Care and Expectations Post Treatment

Following treatment, dentists send their patients home with specific care instructions to manage pain and keep the tooth from damage. Some of these root canal therapy post-operative instructions include:

Wait until the numbness wears off before eating

Do not bite or chew with the treated tooth

Eat soft foods until you are comfortable with tougher foods

Brush and floss as normal, but be gentle with the root canaled tooth

Take over-the-counter pain medication when needed

It is normal to feel some pain and discomfort after endodontic treatment. Mild sensitivity and swelling or inflammation are also common in the first couple of days. These symptoms should respond well to over-the-counter pain medications.

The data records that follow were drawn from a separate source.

(* Let $G_0$ be a directed multigraph on vertex set $\{0,1,\dots,n+1\}$, each edge $(p,q)$ oriented $p\to q$ with $p<q$, and suppose $(i,j),(j,k)\in E(G_0)$ for some $i<j<k$. Let $G_1$ and $G_2$ be the multigraphs on the same vertex set with edge multisets $$E(G_1)=E(G_0)\setminus\{(j,k)\}\cup\{(i,k)\},\qquad E(G_2)=E(G_0)\setminus\{(i,j)\}\cup\{(i,k)\}$$ (one copy removed, one copy added). For $r\in[n]$ let $d_r=\operatorname{indeg}_{G_0}(r)-1$, $d_r'=\operatorname{indeg}_{G_1}(r)-1$, $d_r''=\operatorname{indeg}_{G_2}(r)-1$, and set $\mathbf d=(0,d_1,\dots,d_n,-\sum_{r=1}^n d_r)$, $\mathbf d_1=(0,d'_1,\dots,d'_n,-\sum_{r=1}^n d'_r)$, $\mathbf d_2=(0,d''_1,\dots,d''_n,-\sum_{r=1}^n d''_r)$. Then $$K_{G_0}(\mathbf d)=K_{G_1}(\mathbf d_1)+K_{G_2}(\mathbf d_2).$$
   Context: For a directed multigraph $G$ on $\{0,\dots,n+1\}$ and a vector $\mathbf a=(a_0,\dots,a_{n+1})$ with $\sum_i a_i=0$, the flow polytope $\mathcal F_G(\mathbf a)$ is the set of $f\in\mathbb R_{\ge0}^{E(G)}$ such that at each vertex $v$ the net flow (outgoing minus incoming) equals $a_v$, and $K_G(\mathbf a)$ is the number of integer points of $\mathcal F_G(\mathbf a)$. *)

From HB Require Import structures.
From mathcomp Require Import all_boot all_order all_algebra.
From mathcomp Require Import finmap.
From mathcomp Require Import boolp classical_sets cardinality.
Set Implicit Arguments. Unset Strict Implicit. Unset Printing Implicit Defensive.
Import Order.TTheory GRing.Theory Num.Theory.

Local Open Scope ring_scope.

(* A directed multigraph on the vertex set {0,...,n+1} = 'I_(n+2) is a list
   of edges (p, q), each oriented p -> q; repeated entries are parallel edges. *)
Definition mgraph (n : nat) := seq ('I_(n.+2) * 'I_(n.+2)).

Definition flow_vec (n : nat) (G : mgraph n) := {ffun 'I_(size G) -> nat}.

Definition netflow (n : nat) (G : mgraph n) (f : flow_vec G) (v : 'I_(n.+2)) : int :=
  (\sum_(e : 'I_(size G) | (nth (v, v) G e).1 == v) (f e)%:Z)
  - (\sum_(e : 'I_(size G) | (nth (v, v) G e).2 == v) (f e)%:Z).

Definition int_flows (n : nat) (G : mgraph n) (a : 'I_(n.+2) -> int) : set (flow_vec G) :=
  [set f | forall v, netflow f v = a v].
Arguments int_flows {n} G a.

(* K_G(a) = number of integer points of F_G(a) (fset_set of a finite set is
   that set; the set is finite for the graphs considered, edges p -> q, p < q). *)
Definition K (n : nat) (G : mgraph n) (a : 'I_(n.+2) -> int) : nat :=
  #|` fset_set (int_flows G a)|%fset.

However, the following symptoms should be reported to our team immediately:

Visible swelling inside or outside the mouth

Severe pain or pressure that lasts more than a few days

An uneven bite

An allergic reaction to medication

A loose or broken crown or filling

The return of symptoms experienced immediately following treatment

Endodontic Therapy vs Extraction

When possible, it’s best to preserve the natural tooth. Our teeth help us chew and speak properly, help us maintain our facial features and a strong jawbone, and keep other teeth from shifting. This is why many dentists will recommend root canal therapy over an extraction.

Unfortunately, not all teeth can be saved. A severely decayed tooth will likely need to be extracted. Our dental team will provide you with various methods of replacing the tooth, including dental implants.